BRIEF:
Restate the data below word for word, leaving nothing out.

----- DATASET CONTENT

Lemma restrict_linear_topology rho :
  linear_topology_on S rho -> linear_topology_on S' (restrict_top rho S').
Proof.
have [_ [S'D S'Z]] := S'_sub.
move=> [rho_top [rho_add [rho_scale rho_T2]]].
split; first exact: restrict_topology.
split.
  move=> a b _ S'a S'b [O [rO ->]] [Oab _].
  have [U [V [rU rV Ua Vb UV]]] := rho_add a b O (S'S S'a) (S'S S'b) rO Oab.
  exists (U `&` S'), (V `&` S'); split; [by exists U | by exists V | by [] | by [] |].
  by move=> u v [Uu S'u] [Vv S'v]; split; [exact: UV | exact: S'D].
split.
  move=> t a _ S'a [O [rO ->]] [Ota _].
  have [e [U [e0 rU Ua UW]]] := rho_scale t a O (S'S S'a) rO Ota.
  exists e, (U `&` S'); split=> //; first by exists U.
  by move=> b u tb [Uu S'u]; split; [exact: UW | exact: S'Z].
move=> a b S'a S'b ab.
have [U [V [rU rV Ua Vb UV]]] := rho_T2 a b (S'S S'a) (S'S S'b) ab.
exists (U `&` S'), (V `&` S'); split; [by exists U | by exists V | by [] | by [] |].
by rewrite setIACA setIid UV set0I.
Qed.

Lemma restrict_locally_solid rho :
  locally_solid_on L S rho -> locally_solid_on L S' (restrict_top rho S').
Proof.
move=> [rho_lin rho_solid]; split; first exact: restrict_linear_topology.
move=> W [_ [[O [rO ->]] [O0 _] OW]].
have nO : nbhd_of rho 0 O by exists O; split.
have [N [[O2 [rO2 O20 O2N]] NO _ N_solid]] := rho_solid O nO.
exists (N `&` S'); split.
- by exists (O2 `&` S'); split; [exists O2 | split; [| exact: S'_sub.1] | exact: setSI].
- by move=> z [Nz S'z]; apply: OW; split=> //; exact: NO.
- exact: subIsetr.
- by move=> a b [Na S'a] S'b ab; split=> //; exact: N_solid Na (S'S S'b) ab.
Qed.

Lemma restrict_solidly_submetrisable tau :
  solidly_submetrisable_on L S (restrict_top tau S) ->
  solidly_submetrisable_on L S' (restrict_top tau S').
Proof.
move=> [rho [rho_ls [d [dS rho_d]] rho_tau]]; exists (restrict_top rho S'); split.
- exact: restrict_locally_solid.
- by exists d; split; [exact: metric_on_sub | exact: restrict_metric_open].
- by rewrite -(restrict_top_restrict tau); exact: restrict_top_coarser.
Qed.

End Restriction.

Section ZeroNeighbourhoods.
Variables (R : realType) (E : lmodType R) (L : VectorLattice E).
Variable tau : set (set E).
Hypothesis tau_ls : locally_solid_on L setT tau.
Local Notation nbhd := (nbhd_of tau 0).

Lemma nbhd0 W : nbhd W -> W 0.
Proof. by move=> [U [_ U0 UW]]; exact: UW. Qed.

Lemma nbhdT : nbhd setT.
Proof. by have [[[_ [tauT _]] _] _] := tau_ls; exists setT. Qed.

----------

PROBLEM SOLUTION:
Lemma restrict_linear_topology rho :
  linear_topology_on S rho -> linear_topology_on S' (restrict_top rho S').
Proof.
have [_ [S'D S'Z]] := S'_sub.
move=> [rho_top [rho_add [rho_scale rho_T2]]].
split; first exact: restrict_topology.
split.
  move=> a b _ S'a S'b [O [rO ->]] [Oab _].
  have [U [V [rU rV Ua Vb UV]]] := rho_add a b O (S'S S'a) (S'S S'b) rO Oab.
  exists (U `&` S'), (V `&` S'); split; [by exists U | by exists V | by [] | by [] |].
  by move=> u v [Uu S'u] [Vv S'v]; split; [exact: UV | exact: S'D].
split.
  move=> t a _ S'a [O [rO ->]] [Ota _].
  have [e [U [e0 rU Ua UW]]] := rho_scale t a O (S'S S'a) rO Ota.
  exists e, (U `&` S'); split=> //; first by exists U.
  by move=> b u tb [Uu S'u]; split; [exact: UW | exact: S'Z].
move=> a b S'a S'b ab.
have [U [V [rU rV Ua Vb UV]]] := rho_T2 a b (S'S S'a) (S'S S'b) ab.
exists (U `&` S'), (V `&` S'); split; [by exists U | by exists V | by [] | by [] |].
by rewrite setIACA setIid UV set0I.
Qed.

Lemma restrict_locally_solid rho :
  locally_solid_on L S rho -> locally_solid_on L S' (restrict_top rho S').
Proof.
move=> [rho_lin rho_solid]; split; first exact: restrict_linear_topology.
move=> W [_ [[O [rO ->]] [O0 _] OW]].
have nO : nbhd_of rho 0 O by exists O; split.
have [N [[O2 [rO2 O20 O2N]] NO _ N_solid]] := rho_solid O nO.
exists (N `&` S'); split.
- by exists (O2 `&` S'); split; [exists O2 | split; [| exact: S'_sub.1] | exact: setSI].
- by move=> z [Nz S'z]; apply: OW; split=> //; exact: NO.
- exact: subIsetr.
- by move=> a b [Na S'a] S'b ab; split=> //; exact: N_solid Na (S'S S'b) ab.
Qed.

Lemma restrict_solidly_submetrisable tau :
  solidly_submetrisable_on L S (restrict_top tau S) ->
  solidly_submetrisable_on L S' (restrict_top tau S').
Proof.
move=> [rho [rho_ls [d [dS rho_d]] rho_tau]]; exists (restrict_top rho S'); split.
- exact: restrict_locally_solid.
- by exists d; split; [exact: metric_on_sub | exact: restrict_metric_open].
- by rewrite -(restrict_top_restrict tau); exact: restrict_top_coarser.
Qed.

End Restriction.

Section ZeroNeighbourhoods.
Variables (R : realType) (E : lmodType R) (L : VectorLattice E).
Variable tau : set (set E).
Hypothesis tau_ls : locally_solid_on L setT tau.
Local Notation nbhd := (nbhd_of tau 0).

Lemma nbhd0 W : nbhd W -> W 0.
Proof. by move=> [U [_ U0 UW]]; exact: UW. Qed.

Lemma nbhdT : nbhd setT.
Proof. by have [[[_ [tauT _]] _] _] := tau_ls; exists setT. Qed.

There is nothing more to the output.